**INSTRUCTIONS TO FOLLOW**
Below are some records. Return exactly the lines from the one with "Lemma eq_blocks (R" to the one with "Lemma inblk_if_block (R", and nothing else.

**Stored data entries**
Lemma blkdiag_inblk (F : 'I_M -> 'M[R]_n) j : blkdiag F *m inblk j = inblk j *m F j.
Proof. exact: (blkrow_inblk (fun m => inblk m *m F m)). Qed.

Lemma blkdiag_block (F : 'I_M -> 'M[R]_n) i j :
  (inblk i)^T *m blkdiag F *m inblk j = if i == j then F i else 0.
Proof.
rewrite inblkT_blkdiag -mulmxA inblkT_inblk.
by case: eqP => _; rewrite ?mulmx1 ?mulmx0.
Qed.

Lemma tr_blkdiag (F : 'I_M -> 'M[R]_n) :
  (blkdiag F)^T = blkdiag (fun m => (F m)^T).
Proof.
rewrite /blkdiag raddf_sum; apply: eq_bigr => m _.
by rewrite /= !trmx_mul trmxK mulmxA.
Qed.

End BlockMatrices.

Arguments inblk {R M n} m.
Arguments unblk {M n} p.

Lemma inblk_block (R : comPzRingType) M n1 n2 (A : 'M[R]_(M * n1, M * n2)) i j :
  (inblk i)^T *m A *m inblk j = \matrix_(l, l') A (unblk (i, l)) (unblk (j, l')).
Proof. by rewrite mul_inblk inblkT_mul; apply/matrixP => l l'; rewrite !mxE. Qed.

Lemma eq_blocks (R : comPzRingType) M n1 n2 (A B : 'M[R]_(M * n1, M * n2)) :
  (forall i j, (inblk i)^T *m A *m inblk j = (inblk i)^T *m B *m inblk j) -> A = B.
Proof. by move=> eqAB; apply: eq_blkrows => i; apply: eq_blkcols => j. Qed.

Lemma inblk_if_block (R : comPzRingType) M n1 n2 (A B : 'M[R]_(M * n1, M * n2)) i j :
  (inblk i)^T *m (\matrix_(k, l) if (blk k).1 == (blk l).1 then A k l else B k l)
     *m inblk j
  = if i == j then (inblk i)^T *m A *m inblk j else (inblk i)^T *m B *m inblk j.
Proof.
rewrite !inblk_block; apply/matrixP => l l'.
by rewrite !mxE !unblkK /=; case: eqP; rewrite mxE.
Qed.

Lemma inblkT_col_blk (R : comPzRingType) M n (F : 'I_M -> 'cV[R]_n) i :
  (inblk i)^T *m (\col_k F (blk k).1 (blk k).2 0) = F i.
Proof. by rewrite inblkT_mul; apply/matrixP => l j; rewrite !mxE unblkK (ord1 j). Qed.

Lemma inblk_matrix_blk (R : comPzRingType) M n (F : 'I_M -> 'I_M -> 'M[R]_n) i j :
  (inblk i)^T *m (\matrix_(k, l) F (blk k).1 (blk l).1 (blk k).2 (blk l).2) *m inblk j
  = F i j.
Proof. by rewrite inblk_block; apply/matrixP => l l'; rewrite !mxE !unblkK. Qed.

Lemma invmx_rinv (R : comUnitRingType) n (A B : 'M[R]_n) :
  A *m B = 1%:M -> invmx A = B.
Proof.
move=> AB; have [Au _] := mulmx1_unit AB.
by rewrite -[invmx A]mulmx1 -AB mulmxA mulVmx // mul1mx.
Qed.

Lemma invmx_woodbury (R : comUnitRingType) n k (A : 'M[R]_n) (C : 'M[R]_k)
    (U : 'M[R]_(n, k)) (V : 'M[R]_(k, n)) :
  A \in unitmx -> C \in unitmx -> C + V *m invmx A *m U \in unitmx ->
  invmx (A + U *m invmx C *m V)
  = invmx A - invmx A *m U *m invmx (C + V *m invmx A *m U) *m V *m invmx A.
Proof.
set S := C + _ => Au Cu Su; apply: invmx_rinv.
have US : U *m invmx C *m V *m invmx A *m U = U *m invmx C *m S - U.
  by rewrite /S mulmxDr mulmxKV // !mulmxA addrC addKr.
rewrite mulmxDl !mulmxBr !mulmxA mulmxV // mul1mx US.
by rewrite !mulmxBl mulmxK // subKr subrK.
Qed.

**ANSWER FOR THE TASK**
Lemma eq_blocks (R : comPzRingType) M n1 n2 (A B : 'M[R]_(M * n1, M * n2)) :
  (forall i j, (inblk i)^T *m A *m inblk j = (inblk i)^T *m B *m inblk j) -> A = B.
Proof. by move=> eqAB; apply: eq_blkrows => i; apply: eq_blkcols => j. Qed.

Lemma inblk_if_block (R : comPzRingType) M n1 n2 (A B : 'M[R]_(M * n1, M * n2)) i j :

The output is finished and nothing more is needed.